物語は毛沢東主席を賛美する劇の上演から始まるが、本作が描く時代は文化大革命が終了した1979年から天安門事件が起きた1989年の翌々年の1991年までの10年余。この激動の時代の政治や権力闘争を真正面から描けば大変なことになるため、中国ではそれはタブー。そこで、賈樟柯監督が描くのは、演劇、音楽、ファッション等を通した4人の若者の変化だ。スクリーン上にはさすがに天安門事件の様子は登場しないが、ラジオから流れる劉少奇の名誉回復のニュース(80年)や建国35周年の鄧小平の大閲兵(84年)や天安門事件の指名手配のニュースを聞いていると、あの時代の中国の政治の激動ぶりがよくわかる。他方、劇団に属するあの時代を生きた4人の若者たちがアメリカンスタイル(?)のラッパズボンやパーマ、長髪、そして軽音楽やロック、ブレイクダンスに憧れながら、それぞれの恋や友情を体験してきたことも本作を観ればよくわかる。
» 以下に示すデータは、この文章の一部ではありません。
Lemma coarea_le (f : T -> R) : (forall v, 0 <= f v) -> [set v | 0 < f v] \subset A ->
  2 * c * \sum_v f v <= \sum_(p | e p.1 p.2) `|f p.1 - f p.2|.
Proof.
(* With t the least positive value of f and S its support,
   f = (f - t)^+ + t 1_S, and the bottom layer t 1_S contributes t |dS| to the edge
   sum in each orientation, independently of (f - t)^+ (dist_truncate_le). *)
move=> f_ge0; have [m] := ubnP #|[set v | 0 < f v]|.
elim: m f f_ge0 => // m IH f f_ge0 supp_lt suppA.
set S := [set v | 0 < f v] in supp_lt suppA.
have [S0|[v0 v0S]] := set_0Vmem S.
  have f0 v : f v = 0.
    apply/le_anti; rewrite f_ge0 andbT leNgt; apply/negP => fv.
    by move/setP: S0 => /(_ v); rewrite !inE fv.
  by rewrite big1 ?mulr0 ?sumr_ge0 // => v _; rewrite f0.
have [vm vm_pos t_min] : exists2 vm, 0 < f vm & forall v, 0 < f v -> f vm <= f v.
  case: (arg_minP f v0S) => vm vmS vm_min; exists vm => [|v fv].
    by move: (vmS : vm \in S); rewrite inE.
  by apply: (vm_min v (_ : v \in S)); rewrite inE.
set t := f vm; have t_gt0 : 0 < t := vm_pos.
have vmS : vm \in S by rewrite inE.
pose g v := Num.max (f v - t) 0.
have suppg : [set v | 0 < g v] \subset S :\ vm.
  apply/fintype.subsetP => v; rewrite !inE lt_max ltxx orbF subr_gt0 => tv.
  by rewrite (lt_trans t_gt0 tv) andbT; apply: contraTneq tv => ->; rewrite ltxx.
have IHg : 2 * c * \sum_v g v <= \sum_(p | e p.1 p.2) `|g p.1 - g p.2|.
  apply: IH => [v||]; first by rewrite le_max lexx orbT.
    apply: leq_ltn_trans (subset_leq_card suppg) _.
    by move: supp_lt; rewrite (cardsD1 vm S) vmS.
  exact: fintype.subset_trans suppg (fintype.subset_trans (subsetDl _ _) suppA).
have sum_f : \sum_v f v = \sum_v g v + t * #|S|%:R.
  rewrite -sum1_card natr_sum mulr_sumr (big_mkcond (mem S)) -big_split /=.
  apply: eq_bigr => v _; rewrite inE /g; case: ifP => [/t_min tv|].
    by rewrite max_l ?subr_ge0 // mulr1 subrK.
  move/negbT; rewrite -leNgt => fv; have f0 : f v = 0 by apply/le_anti; rewrite fv f_ge0.
  by rewrite f0 addr0 sub0r max_r // oppr_le0 ltW.
have layer : \sum_(p | e p.1 p.2) `|g p.1 - g p.2| + t * (boundary_size e S)%:R
    + t * (boundary_size e S)%:R <= \sum_(p | e p.1 p.2) `|f p.1 - f p.2|.
  have E : t * (boundary_size e S)%:R =
      \sum_(p | e p.1 p.2) t * ((p.1 \in S) && (p.2 \notin S))%:R.
    by rewrite -mulr_sumr sum_edges_boundary.
  rewrite {1}E {}E.
  rewrite {2}(sum_edges_swap e_sym (fun p => t * ((p.1 \in S) && (p.2 \notin S))%:R)).
  rewrite -!big_split /=.
  apply: ler_sum => p _; rewrite !inE.
  exact: dist_truncate_le (f_ge0 _) (f_ge0 _) (@t_min _) (@t_min _).
have cut := ler_wpM2l (ltW t_gt0) (cut_A suppA).
rewrite sum_f mulrDr; apply: le_trans layer; rewrite -addrA lerD //; nra.
Qed.

End Coarea.

Section GammaX.
Variables (R : realType) (T : finType) (e : rel T).

Lemma gamma_x_ge0 (x : T -> R) : 0 <= gamma_x e x.
Proof. by rewrite /gamma_x; elim/big_ind: _ => // a b a_ge0 b_ge0; rewrite le_max a_ge0. Qed.

Lemma edge_le_gamma_x (x : T -> R) u v : e u v -> `|x u - x v| <= gamma_x e x.
Proof.
exact: (@le_bigmax_cond _ _ _ 0 (u, v) (fun p : T * T => e p.1 p.2) (fun p => `|x p.1 - x p.2|)).
Qed.

End GammaX.

Lemma sup_norm_attained (R : realType) (T : finType) (x : T -> R) :
  sup_norm x != 0 -> exists v, sup_norm x = `|x v|.
Proof.
case: (pickP (xpredT : pred T)) => [v1 _ _|T0]; last by rewrite /sup_norm big_pred0 ?eqxx.
by rewrite /sup_norm (bigmax_eq_arg 0 v1) //; eexists.
Qed.

Section CheegerGammaX.
Variables (R : realType) (T : finType) (e : rel T) (k : nat) (h : R).
Hypotheses (e_sym : symmetric e) (e_reg : regular e k) (k_gt0 : (0 < k)%N) (h_ge0 : 0 <= h).
Hypothesis cut_half : forall S : {set T}, (2 * #|S| <= #|T|)%N ->
  h * (k * #|S|)%:R <= (boundary_size e S)%:R.

Let cut_sub (A : {set T}) : (2 * #|A| <= #|T|)%N ->
  forall S : {set T}, S \subset A -> h * k%:R * #|S|%:R <= (boundary_size e S)%:R.
Proof.
move=> A_half S /subset_leq_card SA; rewrite -mulrA -natrM; apply: cut_half.
by apply: leq_trans A_half; rewrite leq_mul2l SA orbT.
Qed.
『一瞬の夢』と同じく、賈樟柯作品は何の説明もないまま長回しカメラで1つ1つのシークエンスをつないでいくだけだから、2時間31分という長尺の本作を見続けるのは少ししんどいが、少なくともあの時代の10年余の中国、そして中国の若者の生の生き方を切り取り、それに触れるには絶好の映画だ。
<なぜこんなタイトルに?中身はロードムービー!>
阪神タイガースは夏の全国高等学校野球選手権大会の時期は、ホームグラウンドの甲子園球場を明け渡さなければならないから、この間は「死のロード」と呼ばれ、成績もパッとしないのが通常だった。これには各地を移動しながら戦う大変さが影響しているというのが一般的な見方だったが、それはバスや列車で長時間の移動を余儀なくされた時代の話。飛行機や新幹線が整備され、ホテルの部屋が1人ずつ準備されている昨今では「ビジターだから負けた」という弁解は通用しないはずだ。それに比べれば、本作にみる劇団員の移動はすべて悪路を走る長距離バスだから大変。さらに、宿泊場所もひどいうえ、公演場所の確保やその設営も大変そうだ。日本でも劇団に憧れる若者は多いが、総じてその生活は苦しいらしい。スターになり名声を得たごく一部の人のみがリッチな暮らしができるのに、なぜ若者たちは劇団に入り、スターを夢見るの?本作にみる4人の主人公から、まずはそんな「なぜ?」を感じとってみたい。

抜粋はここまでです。